It hurt to hear this, though he said it in a matter-of-fact voice without shame, the way he’d said everything else. I wanted to hug him tight. Kiss him all over. But I wasn’t sorry I’d asked. I needed to get these things straight in my head. The real from unreal.
“How long were you there?” I asked.
“A year. Got out in ’79. Cleaned up, sobered up. Maybe still a little crazy.” He smiled.
“You weren’t crazy to begin with.”
His smile became a little sad. “No. I know that. But being in that place was good for me. Yeah, it was hard. ‘Love the sinner, not the sin’ sort of place, not that it was religious. I had a great doc, really got my head on straight. Made me think about a lot of things that had happened that summer. Made me see a lot of truths.”
“About Ed?”
“No, babe,” Johnny said. “About—”
The door to his office opened and his assistant, Glynnis, stuck her head in. “Johnny, that guy from—oh, sorry. Didn’t know you had company in here.”
She looked back and forth between us with a curious stare, but since we weren’t touching, weren’t even on the same side of the desk, at least she couldn’t have thought she’d interrupted anything embarrassing.
“It’s okay,” Johnny said. “What guy?”
“From that website. The blogger guy?”
“Oh, that guy,” Johnny said with a facepalm. “Yeah, I told him I’d do an interview with him about the new show. Glynnis, can you just…fuck, I dunno, entertain him or something for a few minutes? Show him around the gallery?”
“Sure, Johnny.” She gave me a timid smile and ducked out.
“Sorry,” Johnny said. “I need to get back to this stuff.”
“It’s okay. I’m glad we talked. I’m glad…well, just that we got some things out between us.”
He gave me a curious look. “Was it that bad, Emm? Were you really that upset about it? I’d have told you anytime. I just didn’t think you’d want to really get into it. It’s all old history.”
“I just wanted to hear it from you, that’s all.”
From outside the office we heard voices. Johnny came around the desk and kissed me thoroughly. “You okay?”
I nodded. “Fine.”
“Good.” He kissed me again, longer this time.
I forgot where we were. Not a fugue, just lust. I laughed when he pushed his erection against me.
“You’d better tame that thing before you go out there, or Bloggy McBloggerstein will have a lot more to say about you than he expected.”
“Wouldn’t be the first time my cock was all someone could talk about,” Johnny said as he walked backward toward the door, my hands still held in his.

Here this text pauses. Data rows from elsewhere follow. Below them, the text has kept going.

Lemma oracle_good_ge F O (d d' : X -> R) f (eps delta : R) n :
  consistency_oracle F O -> discrete_distr d' -> F f ->
  iid_prob d' n (bad_sample F f d eps) <= delta%:E ->
  (1 - delta)%:E <= sample_prob d' [set s : n.-tuple X |
    exists h, O (labeled s f) = Some h /\ err d f h <= eps%:E].
Proof.
move=> HO dd' Ff; rewrite -iid_prob_compl_ge // => good.
rewrite /labeled (sample_probE _ (fun s => exists h,
  O [seq (x, f x) | x <- s] = Some h /\ err d f h <= eps%:E) dd'.1).
apply: le_trans good _; apply: le_iid_prob => [|s not_bad]; first exact: dd'.1.
have := HO [seq (x, f x) | x <- s]; case: (O _) => [h [Fh cons]|none].
  exists h; split => //; rewrite leNgt; apply/negP => lt.
  by apply: not_bad; exists h; split => //; rewrite -consistent_labeled.
by case: none; exists f; split => //; rewrite consistent_labeled; apply/allP.
Qed.

End pac_sampling.

Lemma scaled_size_nat (R : realType) (n m : nat) : scaled_size (n%:R : R) m = (n * m)%N.
Proof.
rewrite /scaled_size -natrM.
by rewrite (_ : ((n * m)%N%:R : R) = ((n * m)%N%:Z)%:~R) // intrKceil.
Qed.

Theorem lemma12 (R : realType) (c : R) (hc : 0 < c) :
  exists c' : R, 1 < c' /\
  forall (X : choiceType) (F : set (X -> bool))
         (O : seq (X * bool) -> option (X -> bool))
         (d d' : X -> R) (fstar : X -> bool) (eps delta : R) (m : nat),
    consistency_oracle F O ->
    discrete_distr d -> discrete_distr d' -> F fstar ->
    0 < eps < 1 -> 0 < delta < 1 ->
    (exists B : set X, (mass d B <= eps%:E)%E /\
                       forall x, ~ B x -> c * d x <= d' x) ->
    sample_complexity F eps delta m ->
    ((1 - delta)%:E <=
     sample_prob d' [set s : (scaled_size c' m).-tuple X |
        exists h, O (labeled s fstar) = Some h /\
                  (err d fstar h <= (2 * eps)%:E)%E])%E.
Proof.
pose a := c / (2 * (1 + c)).
have a_gt0 : 0 < a by rewrite divr_gt0 // mulr_gt0 // addr_gt0.
have two_a_le : 2 * a <= c.
  have -> : 2 * a = c / (1 + c) by rewrite /a; field; lra.
  by rewrite ler_pdivrMr ?addr_gt0 //; nra.
have a_le1 : a <= 1 by rewrite /a ler_pdivrMr ?mulr_gt0 ?addr_gt0 //; lra.
have a_half : 0 < a / 2 <= 1 by apply/andP; split; lra.
have eighth_gt0 : 0 < 2^-1 ^+ 3 :> R by rewrite exprn_gt0 // invr_gt0.
have [n0 [n0_gt1 n0_pow]] := exists_expr_le a_half eighth_gt0.
exists n0%:R; split; first by rewrite ltr1n.
move=> X F O d d' f eps delta m HO dd dd' Ff /andP[eps0 _] delta01 [B [mB dom]] [pac _].
rewrite scaled_size_nat; apply: (oracle_good_ge HO dd' Ff).
apply: (bad_sample_le dd dd' Ff eps0 delta01 _ mB _ (ltnW n0_gt1) n0_pow pac).
  by rewrite a_gt0.
by move=> x /dom; apply: le_trans; rewrite ler_wpM2r ?dd.1.
Qed.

Our fingers touched until the last possible second, and then he let go.
Chapter 27
It was different looking at pictures of Johnny with him instead of giggling over them with Jen or even sighing over them by myself on the internet. He had a thick album full of prints, some kept neatly in place by sticky corners, others falling off their pages. Some were signed, not just by him but by others in the photos. Some had names and dates scribbled on the back. Some were formal, some were snapshots, some eight-by-ten and others in smaller sizes.
“I haven’t looked at it in a long time,” Johnny said when a fistful of photos slipped from between the bulging pages and fell onto his thick carpet.
I picked them up, sorting carefully. The paper was thick, the colors a little faded, but compared to shots I’d flipped through in my parents’ albums over the years, they were really well-preserved. “Why not?”
“Do you look at old pictures of yourself naked?”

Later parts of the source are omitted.